Assignment - Up to and including the line with "Definition identical (f", reproduce the listing below exactly, beginning at its first line.

---- Provided records

(* Let $f_1,\dots,f_n$ be monotone linear functions and let $\sigma$ be a counterclockwise permutation for them with $f^\sigma(x)=x$ for all $x$. Then $f^\tau(x)=x$ for all $x$ and every counterclockwise permutation $\tau$ for $f_1,\dots,f_n$.
   Context: A linear function is $f(x)=ax+b$; monotone means $a>0$; identical means $f(x)=x$. $\vec f=(b,1-a)^\top$ and $\theta(f)\in[0,2\pi)$ is its polar angle ($\bot$ if $\vec f=0$). For a permutation $\sigma$ of $[n]$, $f^\sigma=f_{\sigma(n)}\circ\cdots\circ f_{\sigma(1)}$. $\sigma$ is counterclockwise if, after discarding positions $i$ with $f_{\sigma(i)}$ identical, there is $k$ such that $\theta(f_{\sigma(k)})\le\cdots\le\theta(f_{\sigma(n)})\le\theta(f_{\sigma(1)})\le\cdots\le\theta(f_{\sigma(k-1)})$. *)

From mathcomp Require Import all_boot all_fingroup.
From Stdlib Require Import Reals.

Set Implicit Arguments.
Unset Strict Implicit.
Unset Printing Implicit Defensive.

Definition linfun := (R * R)%type.

Definition lf_eval (f : linfun) (x : R) : R := (f.1 * x + f.2)%R.

Definition monotone (f : linfun) : Prop := (0 < f.1)%R.

Definition identical (f : linfun) : Prop := f.1 = 1%R /\ f.2 = 0%R.

Definition lf_vec (f : linfun) : R * R := (f.2, 1 - f.1)%R.

(* Polar angle in [0, 2*PI) of a nonzero vector (x, y). *)
Definition polar_angle (v : R * R) : R :=
  let r := sqrt (v.1 * v.1 + v.2 * v.2) in
  if Rle_dec 0 v.2 then acos (v.1 / r)%R else (2 * PI - acos (v.1 / r))%R.

(* theta(f); None plays the role of bottom (vec f = 0). *)
Definition theta (f : linfun) : option R :=
  if Req_EM_T (lf_vec f).1 0 then
    if Req_EM_T (lf_vec f).2 0 then None else Some (polar_angle (lf_vec f))
  else Some (polar_angle (lf_vec f)).

Definition Rleb (x y : R) : bool := if Rle_dec x y then true else false.

Definition perm_seq n (f : 'I_n -> linfun) (s : 'S_n) : seq linfun :=
  [seq f (s i) | i <- enum 'I_n].

(* f^sigma = f_{sigma(n)} o ... o f_{sigma(1)} : apply f_{sigma(1)} first. *)
Definition comp_perm n (f : 'I_n -> linfun) (s : 'S_n) (x : R) : R :=
  foldl (fun y g => lf_eval g y) x (perm_seq f s).

(* Counterclockwise: after discarding identical functions, the sequence of
   angles theta(f_{sigma(k)}) .. theta(f_{sigma(n)}), theta(f_{sigma(1)}) ..
   theta(f_{sigma(k-1)}) is nondecreasing for some k, i.e. some rotation of
   the angle sequence is sorted. *)
Definition counterclockwise n (f : 'I_n -> linfun) (s : 'S_n) : Prop :=
  let angs := pmap theta (perm_seq f s) in
  exists k : nat, sorted Rleb (rot k angs).

(* Discard the identical functions.  After suitable rotations, the remaining
   functions of sigma and of tau are listed by nondecreasing angle, so the two
   rotated lists differ only by reorderings inside blocks of equal angle.
   Functions of equal angle have parallel vectors (b, 1 - a), and x |-> a x + b
   commutes with x |-> a' x + b' exactly when b (1 - a') = b' (1 - a), so the
   two rotated compositions coincide.  A rotation of a composition of
   bijections is conjugate to it, hence is the identity iff the composition is. *)

From mathcomp Require Import all_boot all_fingroup.
From Stdlib Require Import Reals Lra.

Set Implicit Arguments.
Unset Strict Implicit.
Unset Printing Implicit Defensive.

Open Scope R_scope.

Lemma RlebP (x y : R) : reflect (x <= y) (Rleb x y).
Proof. by rewrite /Rleb; case: Rle_dec => h; constructor. Qed.

Lemma Rleb_trans : transitive Rleb.
Proof. by move=> y x z /RlebP hxy /RlebP hyz; apply/RlebP; lra. Qed.

Lemma polar_angle_coords (v : R * R) :
  0 < v.1 * v.1 + v.2 * v.2 ->
  v.1 = sqrt (v.1 * v.1 + v.2 * v.2) * cos (polar_angle v) /\
  v.2 = sqrt (v.1 * v.1 + v.2 * v.2) * sin (polar_angle v).
Proof.
case: v => x y /= pos; rewrite /polar_angle /=.
set r := sqrt (x * x + y * y).
have r_pos : 0 < r by apply: sqrt_lt_R0.
have r_sq : r * r = x * x + y * y by apply: sqrt_sqrt; lra.
have x_bound : -1 <= x / r <= 1.
  have x_le_r : -r <= x <= r by split; nra.
  have xE : x = x / r * r by field; lra.
  move: (x / r) xE => u xE; split; nra.
have div_r_ge0 z : 0 <= z -> 0 <= z / r.
  by move=> z_ge0; apply: Rmult_le_pos => //; apply/Rlt_le/Rinv_0_lt_compat.
have sin_acos_x : sin (acos (x / r)) = sqrt ((y / r)²).
  by rewrite sin_acos //; congr sqrt; rewrite /Rsqr; field_simplify_eq; lra.
case: Rle_dec => hy.
- rewrite cos_acos // sin_acos_x sqrt_Rsqr; last exact: div_r_ge0.
  by split; field; lra.
- rewrite cos_minus sin_minus cos_2PI sin_2PI cos_acos // sin_acos_x.
  rewrite Rsqr_neg sqrt_Rsqr; last first.
    by rewrite Ropp_div_distr_l; apply: div_r_ge0; lra.
  by split; field; lra.
Qed.

Lemma polar_angle_parallel (v w : R * R) :
  0 < v.1 * v.1 + v.2 * v.2 -> 0 < w.1 * w.1 + w.2 * w.2 ->
  polar_angle v = polar_angle w -> v.1 * w.2 = v.2 * w.1.
Proof.
move=> /polar_angle_coords [v1E v2E] /polar_angle_coords [w1E w2E] vw.
rewrite vw in v1E v2E.
set rv := sqrt (v.1 * v.1 + _) in v1E v2E.
set rw := sqrt (w.1 * w.1 + _) in w1E w2E.
by rewrite v1E v2E w1E w2E; ring.
Qed.

Lemma lf_eval_comm (g h : linfun) :
  (lf_vec g).1 * (lf_vec h).2 = (lf_vec g).2 * (lf_vec h).1 ->
  forall y, lf_eval g (lf_eval h y) = lf_eval h (lf_eval g y).
Proof. by rewrite /lf_vec /lf_eval /= => parallel y; nra. Qed.

Definition lf_angle (g : linfun) : R := polar_angle (lf_vec g).

Lemma theta_None (g : linfun) : theta g = None -> forall y, lf_eval g y = y.
Proof.
rewrite /theta /lf_vec /lf_eval /=.
case: Req_EM_T => // b0; case: Req_EM_T => // a1 _ y.
by rewrite b0 (_ : g.1 = 1); lra.
Qed.

Lemma theta_Some (g : linfun) (t : R) : theta g = Some t ->
  t = lf_angle g /\ 0 < (lf_vec g).1 * (lf_vec g).1 + (lf_vec g).2 * (lf_vec g).2.
Proof.
rewrite /theta; set v := lf_vec g.
case: Req_EM_T => [v1|v1]; [case: Req_EM_T => // v2|]; case=> <-; split=> //.
- by rewrite v1; nra.
- by nra.
Qed.

Lemma lf_eval_comm_theta (g h : linfun) (t : R) :
  theta g = Some t -> theta h = Some t ->
  forall y, lf_eval g (lf_eval h y) = lf_eval h (lf_eval g y).
Proof.
move=> /theta_Some [-> g_pos] /theta_Some [gh h_pos].
by apply/lf_eval_comm/polar_angle_parallel.
Qed.

Lemma pmap_theta (s : seq linfun) :
  pmap theta s = map lf_angle (filter (fun g => isSome (theta g)) s).
Proof.
elim: s => //= g s IHs; case E: (theta g) => [t|] //=.
by rewrite IHs; case: (theta_Some E) => ->.
Qed.

Section FoldlSortedPerm.

Variables (T : Type) (I : eqType) (act : T -> I -> T) (le : rel I).
Hypothesis le_trans : transitive le.

Lemma foldl_act_comm (x : I) (A : seq I) (t : T) :
  {in A, forall a u, act (act u x) a = act (act u a) x} ->
  foldl act (act t x) A = act (foldl act t A) x.
Proof.
elim: A t => //= a A IHA t comm_xA.
rewrite comm_xA ?mem_head // IHA // => b bA.
by apply: comm_xA; rewrite in_cons bA orbT.
Qed.

(* Two sorted arrangements of the same multiset only differ inside blocks of
   [le]-equivalent elements, so they act alike when such elements commute. *)
Lemma foldl_sorted_perm (s1 s2 : seq I) :
  perm_eq s1 s2 -> sorted le s1 -> sorted le s2 ->
  {in s1 &, forall i j, le i j -> le j i ->
     forall u, act (act u i) j = act (act u j) i} ->
  forall t, foldl act t s1 = foldl act t s2.
Proof.
rewrite !sorted_pairwise //.
elim: s1 s2 => [|x s1 IHs1] s2 perm12 sorted1 sorted2 comm t.
  by move/perm_size: perm12; case: s2 {sorted2}.
have x_in_s2 : x \in s2 by rewrite -(perm_mem perm12) mem_head.
case/splitPr: x_in_s2 perm12 sorted2 => A B perm12 sorted2.
have perm1AB : perm_eq s1 (A ++ B).
  rewrite -(perm_cons x); apply: perm_trans perm12 _.
  by rewrite -[x :: B]cat1s perm_catCA.
have in_s1 a : a \in A -> a \in s1 by rewrite (perm_mem perm1AB) mem_cat => ->.
move: sorted1; rewrite pairwise_cons => /andP [le_x_s1 sorted1].
move: sorted2; rewrite pairwise_cat pairwise_cons => /and3P [le_A_xB sortedA].
case/andP=> _ sortedB.
rewrite foldl_cat /= -foldl_act_comm => [|a aA u].
  rewrite -foldl_cat; apply: IHs1 => //.
  - rewrite pairwise_cat sortedA sortedB !andbT; apply/allrelP => a b aA bB.
    by move/allrelP: le_A_xB; apply=> //; rewrite in_cons bB orbT.
  - by move=> i j is1 js1; apply: comm; rewrite in_cons ?is1 ?js1 orbT.
apply: comm; rewrite ?mem_head ?in_cons ?in_s1 ?orbT //.
- by move/allP: le_x_s1; apply; apply: in_s1.
- by move/allrelP: le_A_xB; apply; rewrite ?mem_head.
Qed.

End FoldlSortedPerm.

Section Composition.

Variables (I : eqType) (f : I -> linfun).

Definition lf_comp (s : seq I) (x : R) : R :=
  foldl (fun y i => lf_eval (f i) y) x s.

Definition nontrivial (i : I) : bool := isSome (theta (f i)).

Lemma lf_compE (s : seq I) (x : R) :
  lf_comp s x = foldl (fun y g => lf_eval g y) x (map f s).
Proof. by elim: s x => //= i s IHs x; rewrite -IHs. Qed.

Lemma lf_comp_cat (s1 s2 : seq I) (x : R) :
  lf_comp (s1 ++ s2) x = lf_comp s2 (lf_comp s1 x).
Proof. exact: foldl_cat. Qed.

Hypothesis slope_neq0 : forall i, (f i).1 <> 0.

Lemma lf_comp_surjective (s : seq I) (y : R) : exists x, lf_comp s x = y.
Proof.
elim: s y => [|i s IHs] y; first by exists y.
have [z zy] := IHs y; exists ((z - (f i).2) / (f i).1).
rewrite -zy /lf_comp /= /lf_eval; congr foldl; field; exact: slope_neq0.
Qed.

(* A rotation of the composition is conjugate to it. *)
Lemma lf_comp_rot (k : nat) (s : seq I) :
  (forall x, lf_comp s x = x) -> forall x, lf_comp (rot k s) x = x.
Proof.
move=> s_id x; have [x0 <-] := lf_comp_surjective (take k s) x.
by rewrite /rot lf_comp_cat -(lf_comp_cat (take k s)) cat_take_drop s_id.
Qed.

Lemma lf_comp_filter (s : seq I) (x : R) :
  lf_comp s x = lf_comp (filter nontrivial s) x.
Proof.
rewrite /nontrivial; elim: s x => //= i s IHs x.
by case E: (theta (f i)) => [t|] /=; rewrite IHs // (theta_None E).
Qed.

End Composition.

Lemma perm_eq_map_enum (T : finType) (sigma tau : {perm T}) :
  perm_eq (map sigma (enum T)) (map tau (enum T)).
Proof.
have perm_enum (rho : {perm T}) : perm_eq (map rho (enum T)) (enum T).
  apply: uniq_perm; rewrite ?enum_uniq //.
    by rewrite map_inj_uniq ?enum_uniq //; exact: perm_inj.
  move=> j; rewrite mem_enum; apply/mapP.
  by exists (rho^-1 j)%g; rewrite ?mem_enum ?permKV.
by rewrite (perm_trans (perm_enum sigma)) // perm_sym.
Qed.

Section Permutations.

Variables (n : nat) (f : 'I_n -> linfun).

Definition angle_le : rel 'I_n := relpre (fun i => lf_angle (f i)) Rleb.

Definition nontrivial_seq (sigma : 'S_n) : seq 'I_n :=
  filter (nontrivial f) (map sigma (enum 'I_n)).

Lemma comp_permE (sigma : 'S_n) (x : R) :
  comp_perm f sigma x = lf_comp f (nontrivial_seq sigma) x.
Proof. by rewrite -lf_comp_filter lf_compE /comp_perm /perm_seq map_comp. Qed.

Lemma counterclockwiseP (sigma : 'S_n) :
  counterclockwise f sigma ->
  exists k, sorted angle_le (rot k (nontrivial_seq sigma)).
Proof.
case=> k; rewrite [perm_seq _ _](map_comp f sigma) pmap_theta filter_map.
by rewrite -map_comp -map_rot sorted_map; exists k.
Qed.

Lemma nontrivial_comm (sigma : 'S_n) :
  {in nontrivial_seq sigma &, forall i j, angle_le i j -> angle_le j i ->
     forall y, lf_eval (f j) (lf_eval (f i) y) = lf_eval (f i) (lf_eval (f j) y)}.
Proof.
move=> i j; rewrite !mem_filter /nontrivial.
case Ei: (theta (f i)) => [ti|] //; case Ej: (theta (f j)) => [tj|] // _ _.
move=> /RlebP ij /RlebP ji; apply: (lf_eval_comm_theta Ej); rewrite Ei.
have [-> _] := theta_Some Ei; have [-> _] := theta_Some Ej.
by congr Some; apply: Rle_antisym.
Qed.

End Permutations.

Theorem mainTheorem9 (n : nat) (f : 'I_n -> linfun) (sigma : 'S_n) :
  (forall i, monotone (f i)) ->
  counterclockwise f sigma ->
  (forall x : R, comp_perm f sigma x = x) ->
  forall tau : 'S_n, counterclockwise f tau ->
  forall x : R, comp_perm f tau x = x.
Proof.
move=> mono /counterclockwiseP [k sorted_sigma] sigma_id tau.
move=> /counterclockwiseP [k' sorted_tau] x.
have slope_neq0 i : (f i).1 <> 0 by have := mono i; rewrite /monotone; lra.
set Ls := nontrivial_seq f sigma in sorted_sigma.
set Lt := nontrivial_seq f tau in sorted_tau.
have rot_sigma_id y : lf_comp f (rot k Ls) y = y.
  by apply: lf_comp_rot => // z; rewrite -comp_permE.
have rot_sigma_tau : forall y, lf_comp f (rot k Ls) y = lf_comp f (rot k' Lt) y.
  apply: (foldl_sorted_perm (relpre_trans Rleb_trans) _ sorted_sigma sorted_tau).
  - by rewrite perm_rot perm_sym perm_rot; apply/perm_filter/perm_eq_map_enum.
  - by move=> i j; rewrite !mem_rot; exact: nontrivial_comm.
rewrite comp_permE -/Lt -(rotK k' Lt) /rotr.
by apply: lf_comp_rot => // y; rewrite -rot_sigma_tau.
Qed.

--------

Reply to the exercise -
(* Let $f_1,\dots,f_n$ be monotone linear functions and let $\sigma$ be a counterclockwise permutation for them with $f^\sigma(x)=x$ for all $x$. Then $f^\tau(x)=x$ for all $x$ and every counterclockwise permutation $\tau$ for $f_1,\dots,f_n$.
   Context: A linear function is $f(x)=ax+b$; monotone means $a>0$; identical means $f(x)=x$. $\vec f=(b,1-a)^\top$ and $\theta(f)\in[0,2\pi)$ is its polar angle ($\bot$ if $\vec f=0$). For a permutation $\sigma$ of $[n]$, $f^\sigma=f_{\sigma(n)}\circ\cdots\circ f_{\sigma(1)}$. $\sigma$ is counterclockwise if, after discarding positions $i$ with $f_{\sigma(i)}$ identical, there is $k$ such that $\theta(f_{\sigma(k)})\le\cdots\le\theta(f_{\sigma(n)})\le\theta(f_{\sigma(1)})\le\cdots\le\theta(f_{\sigma(k-1)})$. *)

From mathcomp Require Import all_boot all_fingroup.
From Stdlib Require Import Reals.

Set Implicit Arguments.
Unset Strict Implicit.
Unset Printing Implicit Defensive.

Definition linfun := (R * R)%type.

Definition lf_eval (f : linfun) (x : R) : R := (f.1 * x + f.2)%R.

Definition monotone (f : linfun) : Prop := (0 < f.1)%R.

Definition identical (f : linfun) : Prop := f.1 = 1%R /\ f.2 = 0%R.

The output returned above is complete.